While users may implement their own, a number of sources are provided:

  • LocalFileConfigSource exposes a file on the local file system, provided with core library.
  • HttpConfigSource wraps a reqwest client and fetches data over the network via HTTP(S). Requires features = ["http"].
  • S3ConfigSource exposes an object in S3. Requires features = ["s3"].
  • GitHubConfigSource exposes a file on GitHub. Requires features = ["github"].

Suggestions for other sources are welcome. Google Cloud Storage is not included due to a dependency conflict with the GitHub client used. Ideally, backends will support some get-if-newer functionality. Those that don't can still be used, but implementations will have to issue an unconditional fetch every time and care should be taken when choosing the fetch interval.

Processors

Two processors are provided in the core library, both consume a Reader and pass lines to a specified parse function to be transformed into values or (key, value) tuples depending on whether a set or map is being constructed. The set values and map keys must be Eq + Hash, and they as well as the map values must be Send + Sync.

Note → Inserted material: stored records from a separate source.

(* In a qubit stabilizer subsystem code, a region $R$ of physical qubits is bare-cleanable if and only if for every Pauli operator $P_L$ on the logical subsystem there exists a bare-CSP Pauli operator $P$ supported on $R^c$ that implements $P_L\otimes\mathrm{Id}_J$.
   Context: Stabilizer subsystem code: stabilizer group (abelian subgroup of the Pauli group not containing $-\mathrm{Id}$) with code space its common $+1$ eigenspace, isomorphic via an encoding isometry $V$ to an encoded space of encoded qubits, equipped with the tensor product structure and basis such that every codespace-preserving physical Pauli operator implements an encoded Pauli operator; the encoded qubits are divided into a logical subsystem $\mathcal{H}_L$ (at least one qubit) and a junk subsystem $\mathcal{H}_J$. $\Pi=VV^\dagger$. $A$ is CSP if $[A,\Pi]=0$; dressed-CSP if moreover $V^\dagger AV=A_L\otimes A_J$ (it implements $A_L\otimes A_J$); bare-CSP if also $A_J=\mathrm{Id}_J$. Supported on $R$: of the form $A_R\otimes\mathrm{Id}_{R^c}$. $R$ is bare-cleanable (correctable) if for every logical operator $A_L\in\mathcal{B}(\mathcal{H}_L)$ there is a bare-CSP operator supported on $R^c$ implementing $A_L\otimes\mathrm{Id}_J$. *)

From HB Require Import structures.
From mathcomp Require Import all_boot all_order all_algebra.
Set Implicit Arguments. Unset Strict Implicit. Unset Printing Implicit Defensive.
Import Order.TTheory GRing.Theory Num.Theory.
Local Open Scope ring_scope.

(* Scalars: any numeric algebraically closed field C (e.g. the complex numbers
   ℂ = R[i]); Num.conj is complex conjugation, 'i the imaginary unit. *)
Section Qubits.
Variable C : numClosedFieldType.

(* computational-basis configurations of n qubits *)
Definition conf (n : nat) := {ffun 'I_n -> bool}.

(* operators on the Hilbert space with orthonormal basis indexed by T *)
Definition op (T : finType) := 'M[C]_#|T|.
Definition ent (T : finType) (A : op T) (x y : T) : C :=
  A (enum_rank x) (enum_rank y).
Definition mxf (T : finType) (f : T -> T -> C) : op T :=
  \matrix_(i, j) f (enum_val i) (enum_val j).

Definition adj (p q : nat) (A : 'M[C]_(p, q)) : 'M[C]_(q, p) :=
  (map_mx Num.conj A)^T.

Definition tens (T1 T2 : finType) (A : op T1) (B : op T2) : op (T1 * T2)%type :=
  mxf (fun x y => ent A x.1 y.1 * ent B x.2 y.2).

(* single-qubit Paulis: 0 = I, 1 = X, 2 = Y, 3 = Z; entry <a| sigma |b> *)
Definition sigma (p : 'I_4) (a b : bool) : C :=
  match val p with
  | 0 => (a == b)%:R
  | 1 => (a != b)%:R
  | 2 => if a == b then 0 else if b then - 'i else 'i
  | _ => if a == b then (if a then -1 else 1) else 0
  end.

(* n-qubit Pauli operator  i^c  (s_0 ⊗ ... ⊗ s_{n-1}) *)
Definition pauli (n : nat) (c : 'I_4) (s : 'I_n -> 'I_4) : op (conf n) :=
  mxf (fun x y : conf n => 'i ^+ c * \prod_(q < n) sigma (s q) (x q) (y q)).
Definition is_pauli (n : nat) (A : op (conf n)) : Prop :=
  exists c s, A = pauli c s.

(* Pauli operator on the encoded space  H_L ⊗ H_J  (k logical, m junk qubits) *)
Definition is_enc_pauli (k m : nat) (A : op (conf k * conf m)%type) : Prop :=
  exists c sL sJ, A = tens (pauli c sL) (pauli (0 : 'I_4) sJ).

(* A is supported on R : A = A_R ⊗ Id_{R^c} *)
Definition supported_on (n : nat) (R : {set 'I_n}) (A : op (conf n)) : Prop :=
  exists g : conf n -> conf n -> C,
    (forall x y x' y' : conf n, (forall q, q \in R -> x q = x' q /\ y q = y' q) ->
       g x y = g x' y') /\
    (forall x y : conf n, ent A x y =
       if [forall q, (q \notin R) ==> (x q == y q)] then g x y else 0).

Section Code.
Variables n k m : nat.
Let Enc : finType := (conf k * conf m)%type.
Variable V : 'M[C]_(#|conf n|, #|{: Enc}|).

Definition Pi : op (conf n) := V *m adj V.
Definition CSP (A : op (conf n)) : Prop := A *m Pi = Pi *m A.
Definition implements (A : op (conf n)) (B : op Enc) : Prop := adj V *m A *m V = B.
Definition bare_CSP_impl (A : op (conf n)) (AL : op (conf k)) : Prop :=
  CSP A /\ implements A (tens AL 1%:M).

Record stabilizer_subsystem_code (S : op (conf n) -> Prop) : Prop := {
  ssc_pauli : forall s, S s -> is_pauli s;
  ssc_one : S 1%:M;
  ssc_mul : forall s t, S s -> S t -> S (s *m t);
  ssc_abelian : forall s t, S s -> S t -> s *m t = t *m s;
  ssc_noneg : ~ S (- 1%:M);
  ssc_isometry : adj V *m V = 1%:M;
  ssc_codespace : forall v : 'cV[C]_#|conf n|,
      (exists w, v = V *m w) <-> (forall s, S s -> s *m v = v);
  ssc_basis : forall P, is_pauli P -> CSP P ->
      is_enc_pauli (adj V *m P *m V)
}.

Definition bare_cleanable (R : {set 'I_n}) : Prop :=
  forall AL : op (conf k),
    exists A : op (conf n), supported_on (~: R) A /\ bare_CSP_impl A AL.

End Code.
End Qubits.

From mathcomp Require Import all_boot all_order all_algebra.
Set Implicit Arguments. Unset Strict Implicit. Unset Printing Implicit Defensive.
Import Order.TTheory GRing.Theory Num.Theory.
Local Open Scope ring_scope.

(* The Pauli strings form a basis of all operators on n qubits, and those acting
   trivially outside a region T span the operators supported on T.  Hence a
   bare-CSP operator A supported on R^c implementing P_L ⊗ Id_J is a combination
   of Pauli strings P supported on R^c, and since the Hilbert–Schmidt overlap of
   V^† A V with P_L ⊗ Id_J is nonzero, some term P has nonzero overlap too.  A
   Pauli string with V^† P V <> 0 commutes with every stabilizer (an
   anticommuting one would give V^† P V = - V^† P V), so it is CSP and, by the
   choice of encoded basis, implements an encoded Pauli, which the overlap forces
   to be a phase times P_L ⊗ Id_J.  Conversely, every logical operator is a
   combination of logical Paulis, and bare-CSP implementations combine linearly. *)

Section Qubits.
Variable C : numClosedFieldType.

Lemma ent_mxf (T : finType) (f : T -> T -> C) x y : ent (mxf f) x y = f x y.
Proof. by rewrite /ent /mxf mxE !enum_rankK. Qed.

Lemma op_ext (T : finType) (A B : op C T) :
  (forall x y, ent A x y = ent B x y) -> A = B.
Proof.
move=> eqAB; apply/matrixP => i j.
by have := eqAB (enum_val i) (enum_val j); rewrite /ent !enum_valK.
Qed.

Lemma ent_mul (T : finType) (A B : op C T) x y :
  ent (A *m B) x y = \sum_z ent A x z * ent B z y.
Proof.
rewrite /ent mxE (reindex (@enum_rank T)) //.
by apply: onW_bij; exact: enum_rank_bij.
Qed.

Lemma ent_add (T : finType) (A B : op C T) x y :
  ent (A + B) x y = ent A x y + ent B x y.
Proof. by rewrite /ent mxE. Qed.

Lemma ent_scale (T : finType) a (A : op C T) x y : ent (a *: A) x y = a * ent A x y.
Proof. by rewrite /ent mxE. Qed.

Lemma ent_sum (T I : finType) (F : I -> op C T) x y :
  ent (\sum_i F i) x y = \sum_i ent (F i) x y.
Proof. by rewrite /ent summxE. Qed.

Lemma ent0 (T : finType) x y : ent (0 : op C T) x y = 0.
Proof. by rewrite /ent mxE. Qed.

Lemma ent1 (T : finType) x y : ent (1%:M : op C T) x y = (x == y)%:R.
Proof. by rewrite /ent mxE (inj_eq enum_rank_inj). Qed.

Lemma ent_tens (T1 T2 : finType) (A : op C T1) (B : op C T2) x y :
  ent (tens A B) x y = ent A x.1 y.1 * ent B x.2 y.2.
Proof. by rewrite /tens ent_mxf. Qed.

Lemma tensZl (T1 T2 : finType) a (A : op C T1) (B : op C T2) :
  tens (a *: A) B = a *: tens A B.
Proof. by apply: op_ext => x y; rewrite ent_tens !ent_scale ent_tens mulrA. Qed.

Lemma tens_suml (T1 T2 I : finType) (c : I -> C) (A : I -> op C T1) (B : op C T2) :
  tens (\sum_i c i *: A i) B = \sum_i c i *: tens (A i) B.
Proof.
apply: op_ext => x y; rewrite ent_tens !ent_sum mulr_suml.
by apply: eq_bigr => i _; rewrite !ent_scale ent_tens mulrA.
Qed.

Lemma adj_mul p q r (A : 'M[C]_(p, q)) (B : 'M[C]_(q, r)) :
  adj (A *m B) = adj B *m adj A.
Proof. by rewrite /adj map_mxM trmx_mul. Qed.

Lemma adjK p q (A : 'M[C]_(p, q)) : adj (adj A) = A.
Proof. by apply/matrixP => i j; rewrite /adj !mxE conjCK. Qed.

Lemma eq_mx_col p q (A B : 'M[C]_(p, q)) : (forall j, col j A = col j B) -> A = B.
Proof.
move=> eq_col; apply/matrixP => i j.
by have := congr1 (fun v : 'cV[C]_p => v i 0) (eq_col j); rewrite !mxE.
Qed.

Lemma col_mulmx p q r (A : 'M[C]_(p, q)) (B : 'M[C]_(q, r)) j :
  col j (A *m B) = A *m col j B.
Proof. by rewrite !colE mulmxA. Qed.

Lemma prodr_nat_bool (I : finType) (P Q : pred I) :
  \prod_(i | P i) ((Q i)%:R : C) = [forall i, P i ==> Q i]%:R.
Proof.
have [/forallP allPQ | ] := boolP [forall i, P i ==> Q i].
  by rewrite big1 // => i Pi; have := allPQ i; rewrite Pi => /= ->.
rewrite negb_forall => /existsP [i]; rewrite negb_imply => /andP [Pi nQi].
by rewrite (bigD1 i) //= (negbTE nQi) mul0r.
Qed.

Lemma prodr_nat_eq n (x y : conf n) : \prod_q ((x q == y q)%:R : C) = (x == y)%:R.
Proof.
rewrite prodr_nat_bool; congr (_%:R); congr (nat_of_bool _).
apply/forallP/eqP => [eq_xy | -> q //=]; apply/ffunP => q.
exact/eqP/eq_xy.
Qed.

When implementing your parse function, remember to allow blank lines and comments. It's also recommended to be forgiving about whitespace. It can return Ok(None) to indicate that nothing is wrong with the stream, the line in question just didn't translate to an entry in the collection.

Name

Name is only passed to the thread scheduler for use as a thread label component. Not present in async version.

Callbacks

Two callbacks may be specified, one to be invoked any time a new backing datasource state is swapped in, and one to be invoked any time a fetch or process fails. If nothing else, it's recommended to at least log the occurrence of any errors, but logging the fact that the dataset has updated can help with debugging.

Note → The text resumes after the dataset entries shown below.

(* Let $n\ge1$ and $0<\varphi<1$. Let $\mathbf B=(B_1,\dots,B_n)$ be $\{0,1\}$-valued random variables whose joint distribution $\mu$ belongs to $\overline{\mathcal B_\varphi}$, and let $\hat\Theta=\frac1n\sum_{i=1}^nB_i$. Then for each $P\in\{P_{\mathrm{X},n},P_{\mathrm{CH},n},P_{\mathrm{PBR},n}\}$ and every $p\ge0$, $$\mathbb{P}_\mu\big(P(\hat\Theta|\varphi)\le p\big)\le p.$$
   Context: $\overline{\mathcal B_\varphi}$ is the set of distributions $\mu$ of $(B_1,\dots,B_n)\in\{0,1\}^n$ such that for every $i$ and every $\mathbf b_{\le i-1}\in\{0,1\}^{i-1}$ with $\mathbb{P}_\mu(\mathbf B_{\le i-1}=\mathbf b_{\le i-1})>0$, $\mathbb{P}_\mu(B_i=1\mid \mathbf B_{\le i-1}=\mathbf b_{\le i-1})\le\varphi$. For $t\in[0,1]$ with $nt$ an integer (convention $0^0=1$): $P_{\mathrm{X},n}(t|\varphi)=\sum_{k\ge nt}\binom{n}{k}\varphi^k(1-\varphi)^{n-k}$; $P_{\mathrm{CH},n}(t|\varphi)=\left(\frac{\varphi}{t}\right)^{nt}\left(\frac{1-\varphi}{1-t}\right)^{n(1-t)}$ if $t\ge\varphi$, and $=1$ otherwise; $P_{\mathrm{PBR},n}(t|\varphi)=\varphi^{nt}(1-\varphi)^{n(1-t)}(n+1)\binom{n}{nt}$ if $t\ge\varphi$, and $=t^{nt}(1-t)^{n(1-t)}(n+1)\binom{n}{nt}$ otherwise. *)

From HB Require Import structures.
From mathcomp Require Import all_boot all_order all_algebra.
Set Implicit Arguments. Unset Strict Implicit. Unset Printing Implicit Defensive.
Import Order.TTheory GRing.Theory Num.Theory.
Local Open Scope ring_scope.

(* Outcomes (b_1,...,b_n) in {0,1}^n, indexed by 'I_n (coordinate i <-> B_{i+1}). *)
Definition outcome (n : nat) := {ffun 'I_n -> bool}.

Definition is_distr (R : realFieldType) (n : nat) (mu : {ffun outcome n -> R}) : Prop :=
  (forall x, 0 <= mu x) /\ \sum_(x : outcome n) mu x = 1.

The callback traits may be implemented directly, or OnUpdate::with_fn() and OnFailure::with_fn() convenience methods are provided, both will accept a closure or anything implementing the appropriate Fn type.

Fallback

In order to make useful guarantees, the cache must complete an initial fetch when build() is invoked. By default, if that fetch fails, build() will return an error. If a fallback is provided, it will be used until a successful fetch can be completed. This can be important, as a backing data source going unavailable can cause new service instances to not come up if they just unwrap() after build().

Metrics

It's optional to collect metrics, but it's strongly recommended to do so if running this code in production. Particular care should be given to last_successful_check(), as it exposes how stale the data might be. It's recommended to alert on this value if it exceeds tolerable staleness.

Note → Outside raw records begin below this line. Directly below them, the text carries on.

(* For $n\ge2$ and $u_1,\dots,u_n\in\mathcal B$, $\langle X(u_1)\cdots X(u_n)\Omega,\Omega\rangle_{\gamma,\phi}=\sum_{\pi\in\mathrm{NC}_{ns}(n)}\langle W_M(\pi)\Omega,\Omega\rangle_{\gamma,\phi}$, and for $n=1$, $\langle X(u_1)\Omega,\Omega\rangle_{\gamma,\phi}=0$.
   Context: Let $\mathcal B$ be a unital $*$-algebra with star-linear maps $\phi:\mathcal B\to\mathbb C$, $\gamma:\mathcal B\to\mathcal B$, $\Lambda:\mathcal B\otimes_{alg}\mathcal B\to\mathcal B$, where $\phi$ is positive and faithful and $\gamma+\phi$ is completely positive, with $(\gamma+\phi)[b]:=\gamma[b]+\phi[b]1_{\mathcal B}$. Assume $\phi[v^*\Lambda(b\otimes u)]=\phi[\Lambda(b^*\otimes v)^*u]$ and $\gamma[v^*\Lambda(b\otimes u)]=\gamma[\Lambda(b^*\otimes v)^*u]$ for all $b,u,v$. On $\mathcal F_{alg}(\mathcal B)=\mathbb C\Omega\oplus\bigoplus_{n\ge1}\mathcal B^{\otimes n}$ use the form $\langle\Omega,\Omega\rangle_{\gamma,\phi}=1$, $\langle u_1\otimes\cdots\otimes u_n,v_1\otimes\cdots\otimes v_k\rangle_{\gamma,\phi}=\delta_{n=k}\phi[v_n^*(\gamma+\phi)[v_{n-1}^*\cdots(\gamma+\phi)[v_1^*u_1]\cdots u_{n-1}]u_n]$. For $b\in\mathcal B$ define operators on $\mathcal F_{alg}(\mathcal B)$: $a^+(b)\Omega=b$, $a^+(b)(u_1\otimes\cdots\otimes u_n)=b\otimes u_1\otimes\cdots\otimes u_n$; $a^-(b)\Omega=0$, $a^-(b)u_1=\phi[bu_1]\Omega$, $a^-(b)(u_1\otimes\cdots\otimes u_n)=(\gamma+\phi)[bu_1]u_2\otimes\cdots\otimes u_n$ for $n\ge2$; $a^0(b)\Omega=0$, $a^0(b)(u_1\otimes\cdots\otimes u_n)=\Lambda(b\otimes u_1)\otimes u_2\otimes\cdots\otimes u_n$; and $X(b)=a^+(b)+a^-(b)+a^0(b)$. $\mathrm{NC}(n)$ is the set of noncrossing partitions of $\{1,\dots,n\}$; $\mathrm{NC}_{ns}(n)$ those with no singleton blocks. In a block, the smallest element is opening, the largest closing, others middle. For $\pi\in\mathrm{NC}_{ns}(n)$, $W_M(\pi)=a_1(u_1)a_2(u_2)\cdots a_n(u_n)$ where $a_i=a^-$ if $i$ is opening, $a^+$ if $i$ is closing, $a^0$ if $i$ is middle. *)

From HB Require Import structures.
From mathcomp Require Import all_boot all_order all_algebra.
From mathcomp Require Import complex Rstruct.
Set Implicit Arguments.
Unset Strict Implicit.
Unset Printing Implicit Defensive.
Import Order.TTheory GRing.Theory Num.Theory.
Local Open Scope ring_scope.

Definition CC : numClosedFieldType := (Rdefinitions.R)[i].

Section FockSpace.

Variable B : algType CC.

Definition is_star (star : B -> B) : Prop :=
  [/\ involutive star,
      forall a b : B, star (a + b) = star a + star b,
      forall (c : CC) (b : B), star (c *: b) = (c^*)%C *: star b
    & forall a b : B, star (a * b) = star b * star a].

Definition star_linear_functional (star : B -> B) (phi : B -> CC) : Prop :=
  [/\ forall a b, phi (a + b) = phi a + phi b,
      forall (c : CC) b, phi (c *: b) = c * phi b
    & forall b, phi (star b) = (phi b)^*%C].

Definition star_linear_map (star : B -> B) (g : B -> B) : Prop :=
  [/\ forall a b, g (a + b) = g a + g b,
      forall (c : CC) b, g (c *: b) = c *: g b
    & forall b, g (star b) = star (g b)].

(* A linear map Lambda : B (x)_alg B -> B is the same as a bilinear map
   B -> B -> B; star on B (x) B is (b (x) u)^* = b^* (x) u^*. *)
Definition star_bilinear_map (star : B -> B) (Lam : B -> B -> B) : Prop :=
  [/\ forall a a' u, Lam (a + a') u = Lam a u + Lam a' u,
      forall a u u', Lam a (u + u') = Lam a u + Lam a u',
      forall (c : CC) a u, Lam (c *: a) u = c *: Lam a u,
      forall (c : CC) a u, Lam a (c *: u) = c *: Lam a u
    & forall a u, Lam (star a) (star u) = star (Lam a u)].

Definition positive_functional (star : B -> B) (phi : B -> CC) : Prop :=
  forall b, 0 <= phi (star b * b).

Definition faithful_functional (star : B -> B) (phi : B -> CC) : Prop :=
  forall b, phi (star b * b) = 0 -> b = 0.

Definition mxstar (star : B -> B) m (X : 'M[B]_m) : 'M[B]_m :=
  \matrix_(i, j) star (X j i).

Definition positive_mx (star : B -> B) m (A : 'M[B]_m) : Prop :=
  exists s : seq 'M[B]_m, A = \sum_(X <- s) (mxstar star X *m X).

Definition completely_positive (star : B -> B) (Psi : B -> B) : Prop :=
  forall m (A : 'M[B]_m), positive_mx star A -> positive_mx star (map_mx Psi A).

(* (gamma + phi)[b] := gamma[b] + phi[b] 1_B *)
Definition gpp (gamma : B -> B) (phi : B -> CC) (b : B) : B :=
  gamma b + phi b *: 1.

(* ---------- the algebraic full Fock space ----------
   An element of F_alg(B) is represented as a formal finite linear
   combination of words: the word [::] is Omega, the word [:: u1; ...; un]
   is the elementary tensor u1 (x) ... (x) un.  All operators and the form
   are defined on words and extended (sesqui)linearly. *)
Definition fvec := seq (CC * seq B).

Definition Omega : fvec := [:: (1, [::])].

(* the form on two words of equal length n >= 1:
   phi[v_n^* (g+p)[v_{n-1}^* ... (g+p)[v_1^* u_1] ... u_{n-1}] u_n] *)
Fixpoint form_acc (star : B -> B) (gamma : B -> B) (phi : B -> CC)
    (acc : B) (us vs : seq B) : CC :=
  match us, vs with
  | u :: us', v :: vs' =>
      form_acc star gamma phi (star v * gpp gamma phi acc * u) us' vs'
  | _, _ => phi acc
  end.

See metrics.rs for other metrics that can be collected.

Demonstration

The following is a log of the provided example, edited with comments. The example sets up a cache backed by a local file of key=value pairs, where value is an i32, then loops forever printing the value of the key C. It's very noisy, as the example metrics implementation just calls println!().

Fallback invoked! #Initial fetch failed, fallback value of an empty map used
C=0 #Example defaults to 0 if key isn't in map
Last successful update is now at 2022-11-03 00:46:09.121312 UTC #Successful fetch completed
Update fetch took 0ms and process took 0ms
Updated to version 1667435391751
C=3
Last successful check is now at 2022-11-03 00:46:11.122168 UTC
File hasn't changed. Check in 0ms
C=3
Last successful update is now at 2022-11-03 00:46:17.126346 UTC #File updated with new value
Update fetch took 0ms and process took 0ms
Updated to version 1667436376483
C=2
Last successful check is now at 2022-11-03 00:46:21.124309 UTC
File hasn't changed. Check in 0ms
C=2
Process failed with: 'invalid digit found in string' #'2' in configs replaced with 'five'
Failed with error: invalid digit found in string
C=2 #Client code is still able to read the last known value
Last successful update is now at 2022-11-03 00:46:31.124433 UTC #Config fixed
Update fetch took 0ms and process took 0ms
Updated to version 1667436390340
C=5
Last successful check is now at 2022-11-03 00:46:33.125560 UTC
File hasn't changed. Check in 0ms
C=5
Fetch failed with: 'No such file or directory (os error 2)' #File moved or deleted
Failed with error: No such file or directory (os error 2)
C=5 #Client code is still able to read the last known value
Last successful update is now at 2022-11-03 00:46:45.125176 UTC #File restored
Update fetch took 0ms and process took 0ms
Updated to version 1667436404799
C=5